Lopez was one of the pioneers at the stretch-five position. At 7’0”, he hasn’t shot worse than 33.8 percent from downtown in a season since he first added the shot to his bag in 2016. But at 36 years old, he doesn’t have the foot speed, nor the youthful exuberance, to match Towns step-for-step. Nor has he ever logged a season shooting Towns’ career average of 39.8 percent from deep.
As a result, the Knicks were able to exploit the matchup of the night to improve back to a 4-4 record with a resounding 116-94 victory over the struggling Bucks on Friday.
They did so courtesy of Towns, the scoring center on whom the franchise’s championship hopes now hinge, acquired in a pivotal trade that sent Julius Randle and Donte DiVincenzo to the Minnesota Timberwolves agreed upon just three days before training camp.
Towns finished with 32 points, 27 of which were scored by the half, on 12-of-20 shooting from the field to go with 11 rebounds and five assists on the night, a walking matchup nightmare for most teams the Knicks have run into this season. Matchups are critical for the Knicks this season, particularly now that the cat is out of the bag.
No, not KAT.
But Brunson, who emerged as such a lethal scorer for the Knicks last season that teams do not guard him straight up on a nightly basis.
Brunson is coming off of a season averaging 28.7 points per game on 47.9 percent shooting from the field and 40.1 percent shooting from three. As a result, opposing defenses are replicating what worked in spurts against the Knicks captain last season, particularly in the playoffs, where the Philadelphia 76ers deployed a combination of Kelly Oubre Jr. and Nicolas Batum in the first round before the Indiana Pacers used Aaron Nesmith and Andrew Nembhard in Round 2.
Case-in-point: Over the last three games, Brunson has seen Fred VanVleet and Dillon Brooks in Houston, the hard-nosed Dyson Daniels in Atlanta, and then a combination of wings in Taurean Prince, AJ. Green and Milwaukee’s 6’6” wing Andre Jackson Jr. on Friday.
Brunson started Friday’s matchup against the Bucks shooting 1-of-7 from the field and finished with just 15 points on 6-of-14 shooting from the field. In typical floor general fashion, he found a way to impact the game despite the difficulty he faced getting clean looks, logging a season-high nine assists, many of which went to Towns, who the Bucks had no shot at defending.
After Lopez, Milwaukee tried backup forward Bobby Portis, and after Portis, the Bucks tried Giannis Antetokounmpo.
Which brings us to another key matchup on the night: OG Anunoby, who held Antetokounmpo scoreless in the first quarter until picking up his second foul three-and-a-half minutes into the first quarter.

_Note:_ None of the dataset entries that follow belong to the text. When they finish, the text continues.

Definition aff (d N : nat) (A : 'M[R]_(d, N)) (b : 'rV[R]_N) (v : 'rV[R]_d)
  : 'rV[R]_N := v *m A + b.

Definition opnorm (d N : nat) (nV : 'rV[R]_d -> R) (nW : 'rV[R]_N -> R)
  (A : 'M[R]_(d, N)) : \bar R :=
  ereal_sup [set (nW (v *m A))%:E | v in [set v | nV v <= 1]].

Definition softmax (N : nat) (lam : R) (x : 'rV[R]_N) : 'rV[R]_N :=
  \row_i (expR (lam * x 0 i) / \sum_(j < N) expR (lam * x 0 j)).

Variable S : finType.

Definition dinf (k : nat) (n : 'rV[R]_k -> R) (f f' : seq S -> 'rV[R]_k)
  : \bar R := ereal_sup (range (fun y => (n (f y - f' y))%:E)).

Definition supnorm (k : nat) (n : 'rV[R]_k -> R) (f : seq S -> 'rV[R]_k)
  : \bar R := ereal_sup (range (fun y => (n (f y))%:E)).

(* d(x, E) and the (one-sided) Hausdorff distance d^H(E, E') *)
Definition dist_set (T : Type) (dd : T -> T -> \bar R) (x : T) (E : set T)
  : \bar R := ereal_inf [set dd x y | y in E].
Definition dhaus (T : Type) (dd : T -> T -> \bar R) (E E' : set T) : \bar R :=
  ereal_sup [set dist_set dd x E' | x in E].

Definition inf_aff (d : nat) (nV : 'rV[R]_d -> R) (h g : seq S -> 'rV[R]_d)
  : \bar R :=
  ereal_inf [set supnorm nV (fun y => h y - aff Ab.1 Ab.2 (g y))
            | Ab in [set Ab : 'M[R]_d * 'rV[R]_d | Ab.1 \in unitmx]].

Definition AffVW (d N : nat) (h : seq S -> 'rV[R]_d) : set (seq S -> 'rV[R]_N) :=
  [set (fun y => aff Ab.1 Ab.2 (h y)) | Ab in [set: 'M[R]_(d, N) * 'rV[R]_N]].
Definition VN (d N : nat) (lam : R) (h : seq S -> 'rV[R]_d)
  : set (seq S -> 'rV[R]_N) :=
  [set (fun y => softmax lam (aff Ab.1 Ab.2 (h y)))
  | Ab in [set: 'M[R]_(d, N) * 'rV[R]_N]].

Definition dAff (d N : nat) (nW : 'rV[R]_N -> R) (h g : seq S -> 'rV[R]_d)
  : \bar R := dhaus (dinf nW) (@AffVW d N h) (@AffVW d N g).
Definition dVDelta (d N : nat) (nW : 'rV[R]_N -> R) (lam : R)
  (h g : seq S -> 'rV[R]_d) : \bar R :=
  dhaus (dinf nW) (@VN d N lam h) (@VN d N lam g).

End Defs.
Arguments AffVW {R S d} N h.
Arguments VN {R S d} N lam h.
Arguments dAff {R S d N} nW h g.
Arguments dVDelta {R S d N} nW lam h g.

From HB Require Import structures.
From mathcomp Require Import all_boot all_order all_algebra.
From mathcomp Require Import all_classical all_reals all_analysis.
From mathcomp Require Import lra.
Import Order.TTheory GRing.Theory Num.Theory.
Import numFieldNormedType.Exports.
Local Open Scope classical_set_scope.
Local Open Scope ring_scope.

(* Softmax_lam is Lipschitz.  Moving every coordinate by at most t multiplies
   each weight exp(lam x_j), hence also their sum, by a factor in
   [exp(-lam t), exp(lam t)], so an output coordinate p moves to some q with
   p <= exp(2 lam t) q and q <= exp(2 lam t) p; as p, q lie in [0, 1] this gives
   |p - q| <= min(1, exp(2 lam t) - 1) <= 4 lam t.  All norms on R^k being
   equivalent, softmax_lam is c-Lipschitz for |.|_W.  If h is within eps of
   phi o g, then psi o h is within ||psi_lin|| eps of (psi o phi) o g, and
   psi o phi is again affine; post-composing with softmax_lam multiplies all
   these distances by at most c, which gives (1) and (2), and (3) follows since
   every distance involved is nonnegative. *)

Lemma mx_norm_coord_le {R : realType} k (x : 'rV[R]_k) i : `|x 0 i| <= `|x|.
Proof.
rewrite [leRHS]/Num.norm /= mx_normrE.
exact: (le_bigmax _ (fun ij : 'I_1 * 'I_k => `|x ij.1 ij.2|) (0, i)).
Qed.

Lemma mx_norm_le_coord {R : realType} k (x : 'rV[R]_k) (c : R) :
  0 <= c -> (forall i, `|x 0 i| <= c) -> `|x| <= c.
Proof.
move=> c0 xc; rewrite [leLHS]/Num.norm /= mx_normrE.
by apply: bigmax_le => // -[a b] _ /=; rewrite (ord1 a).
Qed.

Section Softmax.
Context {R : realType}.

Lemma expR_le1D2x (u : R) : 0 <= u -> u <= 1 / 2 -> expR u <= 1 + 2 * u.
Proof.
move=> u0 u_half.
have expR_mul1B_le1 : expR u * (1 - u) <= 1.
  have := expR_ge1Dx (- u); rewrite expRN -(ler_pM2r (expR_gt0 u)) mulVf ?gt_eqF ?expR_gt0 //.
  by rewrite mulrC.
have expR_le2 : expR u <= 2 by nra.
nra.
Qed.

Context {N : nat} {lam : R}.

Lemma softmax_ge0 (x : 'rV[R]_N) i : 0 <= softmax lam x 0 i.
Proof. by rewrite mxE divr_ge0 ?expR_ge0 ?sumr_ge0 // => j _; exact: expR_ge0. Qed.

Lemma expR_le_sum (x : 'rV[R]_N) i :
  expR (lam * x 0 i) <= \sum_j expR (lam * x 0 j).
Proof. by rewrite (bigD1 i) //= lerDl sumr_ge0 // => j _; exact: expR_ge0. Qed.

Lemma softmax_le1 (x : 'rV[R]_N) i : softmax lam x 0 i <= 1.
Proof.
rewrite mxE ler_pdivrMr ?mul1r ?expR_le_sum //.
exact: lt_le_trans (expR_gt0 _) (expR_le_sum x i).
Qed.

Hypothesis lam_ge0 : 0 <= lam.

Lemma softmax_le_expR (x y : 'rV[R]_N) (t : R) :
  (forall j, `|x 0 j - y 0 j| <= t) ->
  forall i, softmax lam x 0 i <= expR (2 * lam * t) * softmax lam y 0 i.
Proof.
move=> xy i; set a := expR (lam * t).
have expR_le : forall u v : 'rV[R]_N, (forall j, `|u 0 j - v 0 j| <= t) ->
    forall j, expR (lam * u 0 j) <= a * expR (lam * v 0 j).
  move=> u v uv j; rewrite -expRD ler_expR -mulrDr ler_wpM2l // -lerBlDr.
  exact: le_trans (ler_norm _) (uv j).
have sum_le : \sum_j expR (lam * y 0 j) <= a * \sum_j expR (lam * x 0 j).
  rewrite mulr_sumr; apply: ler_sum => j _; apply: expR_le => k.
  by rewrite distrC.
have sum_gt0 (z : 'rV[R]_N) : 0 < \sum_j expR (lam * z 0 j).
  exact: lt_le_trans (expR_gt0 _) (expR_le_sum z i).
have sum_inv_le : (\sum_j expR (lam * x 0 j))^-1 <= a / \sum_j expR (lam * y 0 j).
  by rewrite ler_pdivlMr // mulrC ler_pdivrMr.
rewrite !mxE -mulrA expRM_natl expr2.
rewrite mulrACA; apply: ler_pM; rewrite ?expR_ge0 ?invr_ge0 ?(ltW (sum_gt0 x)) //.
exact: expR_le.
Qed.

Lemma softmax_coord_lipschitz (x y : 'rV[R]_N) (t : R) i :
  (forall j, `|x 0 j - y 0 j| <= t) ->
  `|softmax lam x 0 i - softmax lam y 0 i| <= 4 * lam * t.
Proof.
move=> xy; have t0 : 0 <= t := le_trans (normr_ge0 _) (xy i).
have yx j : `|y 0 j - x 0 j| <= t by rewrite distrC.
have := softmax_le_expR _ _ _ xy i; have := softmax_le_expR _ _ _ yx i.
have := softmax_ge0 x i; have := softmax_ge0 y i.
have := softmax_le1 x i; have := softmax_le1 y i.
have B1 : 1 <= expR (2 * lam * t) by rewrite -expR0 ler_expR !mulr_ge0.
move: B1; set p := softmax lam x 0 i; set q := softmax lam y 0 i.
set B := expR _ => B1 q1 p1 q0 p0 qp pq.
rewrite ler_norml; have [u_small|u_big] := lerP (2 * lam * t) (1 / 2).
  have u0 : 0 <= 2 * lam * t by rewrite !mulr_ge0.
  have := expR_le1D2x _ u0 u_small; rewrite -/B => B_le.
  apply/andP; split; nra.
apply/andP; split; lra.
Qed.

Lemma softmax_mx_lipschitz (x y : 'rV[R]_N) :
  `|softmax lam x - softmax lam y| <= 4 * lam * `|x - y|.
Proof.
apply: mx_norm_le_coord => [|i]; first by rewrite !mulr_ge0.
have := softmax_coord_lipschitz x y `|x - y| i; rewrite !mxE; apply=> j.
by have := mx_norm_coord_le _ (x - y) j; rewrite !mxE.
Qed.

End Softmax.

Section NormEquivalence.
Context {R : realType} {k : nat} {n : 'rV[R]_k -> R}.
Hypothesis n_norm : is_norm n.

Lemma is_norm0 : n 0 = 0.
Proof. by case: n_norm => _ _ nZ _; rewrite -(scale0r 0) nZ normr0 mul0r. Qed.

Lemma is_normN x : n (- x) = n x.
Proof. by case: n_norm => _ _ nZ _; rewrite -scaleN1r nZ normrN normr1 mul1r. Qed.

Lemma is_norm_sum I (r : seq I) (P : pred I) (F : I -> 'rV[R]_k) :
  n (\sum_(i <- r | P i) F i) <= \sum_(i <- r | P i) n (F i).
Proof.
case: n_norm => _ _ _ nD; elim/big_ind2: _ => [|u a v b ua vb|//].
  by rewrite is_norm0.
exact: le_trans (nD _ _) (lerD ua vb).
Qed.

Lemma is_norm_le_mx_norm : exists M, 0 < M /\ forall x, n x <= M * `|x|.
Proof.
case: n_norm => n_ge0 _ nZ _.
exists (1 + \sum_j n (delta_mx 0 j)); split; first by rewrite ltr_wpDr // sumr_ge0.
move=> x; rewrite {1}(row_sum_delta x); apply: le_trans (is_norm_sum _ _ _ _) _.
rewrite mulrDl mul1r mulr_suml ler_wpDl // ler_sum // => j _.
by rewrite nZ mulrC ler_wpM2l // mx_norm_coord_le.
Qed.

Lemma is_norm_lerB x y : n x - n y <= n (x - y).
Proof. by case: n_norm => _ _ _ nD; rewrite lerBlDr -{1}(subrK y x) nD. Qed.

Lemma is_norm_dist_le x y : `|n x - n y| <= n (x - y).
Proof.
have := is_norm_lerB y x; rewrite -[y - x]opprB is_normN.
by have := is_norm_lerB x y; rewrite ler_norml; lra.
Qed.

Lemma is_norm_continuous : continuous n.
Proof.
have [M [M_gt0 nM]] := is_norm_le_mx_norm.
move=> x; apply/(@cvgrPdist_lt _ _ _ _ (nbhs_filter x)) => e e_gt0; near=> y.
apply: le_lt_trans (is_norm_dist_le _ _) _; apply: le_lt_trans (nM _) _.
rewrite -ltr_pdivlMl //; near: y.
by apply: cvgr_dist_lt => //; rewrite mulr_gt0 ?invr_gt0.
Unshelve. all: by end_near.
Qed.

Antetokounmpo finished with 24 points and 12 rebounds on 11-of-21 shooting from the field, but by the time he began to impose his will on the game, the Knicks had already run up a double-digit lead this rendition of the Bucks did not have the capacity to overcome.
Damian Lillard added 19 points on 6-of-15 shooting from the field, but the Knicks held every other Milwaukee player under 10 points to get back on track after ending their four-game road trip with two straight losses.

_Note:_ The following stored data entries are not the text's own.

Lemma compact_vertical_lebesgue {X : topologicalType} {R : realType} {K : set (X * R)}
    {k} {V : 'I_k -> set (X * R)} :
  compact K -> (forall i, open (V i)) -> K `<=` \bigcup_i V i ->
  exists2 d : R, 0 < d &
    forall q, K q -> exists i, forall s, `|s - q.2| < d -> V i (q.1, s).
Proof.
move=> /compact_near_coveringP Kcov Vo KV.
have : \forall d \near 0^'+, K `<=`
    [set q | exists i, forall s, `|s - q.2| < d -> V i (q.1, s)].
  apply: Kcov => p Kp; have [i _ Vip] := KV p Kp.
  have [[A B] /= [pA pB] AB] : nbhs p (V i) by apply: open_nbhs_nbhs.
  move/nbhs_ballP : pB => [r /= r0 rB]; have r20 : 0 < r / 2 by rewrite divr_gt0.
  exists ([set q | A q.1 /\ `|q.2 - p.2| < r / 2], [set d | 0 < d < r / 2]) => /=.
    split; last first.
      exists (r / 2) => // d /=; rewrite /ball /= sub0r normrN => /ltr_normlW dr d0.
      by rewrite d0.
    exists (A, ball p.2 (r / 2)) => /=; first by split; [|exact: nbhsx_ballx].
    by move=> [z s] [/= Az zs]; split => //; move: zs; rewrite /ball /= distrC.
  case=> q d /= [[Aq qp] /andP[_ dr]]; exists i => s sq.
  apply: (AB (q.1, s)); split => //=; apply: rB; rewrite /ball /= distrC.
  by have := ler_distD q.2 s p.2; lra.
move=> /(filterI (nbhs_right_gt 0))/filter_ex[d [d0 dK]].
by exists d.
Qed.

Definition cell {R : realType} (c s : R) : nat := Num.truncn (s * c).

Lemma cell_le {R : realType} (c s t : R) : 0 <= c -> s <= t -> (cell c s <= cell c t)%N.
Proof. by move=> c0 st; apply: le_truncn; rewrite ler_wpM2r. Qed.

Lemma cell_eq_dist {R : realType} (c s t : R) : 0 < c -> 0 <= s -> 0 <= t ->
  cell c s = cell c t -> `|s - t| < c^-1.
Proof.
move=> c0 s0 t0 st.
have /andP[s1 s2] := truncn_itv (mulr_ge0 s0 (ltW c0)).
have /andP[t1 t2] := truncn_itv (mulr_ge0 t0 (ltW c0)).
rewrite /cell in st; rewrite st -natr1 in s1 s2; rewrite -natr1 in t2.
rewrite -div1r ltr_pdivlMr // -[c]gtr0_norm // -normrM mulrBl ltr_norml.
by apply/andP; split; lra.
Qed.

Lemma compact_cell_coloring {X : topologicalType} {R : realType} {K : set (X * R)}
    {k} {V : 'I_k -> set (X * R)} :
  (0 < k)%N -> compact K -> (forall i, open (V i)) -> K `<=` \bigcup_i V i ->
  (forall q, K q -> 0 <= q.2) ->
  exists2 c : R, 0 < c &
    exists col : X -> nat -> 'I_k, forall q, K q -> V (col q.1 (cell c q.2)) q.
Proof.
move=> k0 Kco Vo KV K_ge0; have [d d0 dV] := compact_vertical_lebesgue Kco Vo KV.
exists d^-1; first by rewrite invr_gt0.
have /choice[col colP] : forall z, exists f : nat -> 'I_k,
    forall s, K (z, s) -> V (f (cell d^-1 s)) (z, s).
  move=> z; have /choice[f fP] : forall a, exists i : 'I_k,
      forall s, K (z, s) -> cell d^-1 s = a -> V i (z, s).
    move=> a; case: (pselect (exists2 s0, K (z, s0) & cell d^-1 s0 = a)); last first.
      by move=> no; exists (Ordinal k0) => s Ks sa; case: no; exists s.
    move=> [s0 Ks0 s0a]; have [i iV] := dV _ Ks0; exists i => s Ks sa; apply: iV.
    rewrite -[d]invrK; apply: cell_eq_dist; rewrite ?invr_gt0 ?sa //.
      exact: (K_ge0 _ Ks).
    exact: (K_ge0 _ Ks0).
  by exists f => s Ks; exact: fP.
by exists col => -[z s] Kq; exact: colP.
Qed.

Anunoby finished with 14 points, 6 rebounds, 5 assists, 3 steals and 2 blocks on 4-of-12 shooting from three-point range, Josh Hart added 11 points, 9 rebounds and 7 assists, and Mikal Bridges scored 17 points on 7-of-18 shooting from the field.
Thibodeau emptied his bench with just under 5 minutes left in the fourth quarter, and Matt Ryan, who was signed to a season-long contract after the Westchester Knicks drafted his first-overall in the G-League Draft, made his season debut in the blowout victory over Milwaukee.
The Knicks will need to carry the momentum forward for their upcoming two-game road trip: They travel to Indiana to play the Pacers on Sunday, then fly to Philadelphia to play the 76ers— who are without All-Star guard Tyrese Maxey and MVP center Joel Embiid, who has yet to appear in a game this season and is serving a three-game suspension after a physical altercation with local beat reporter.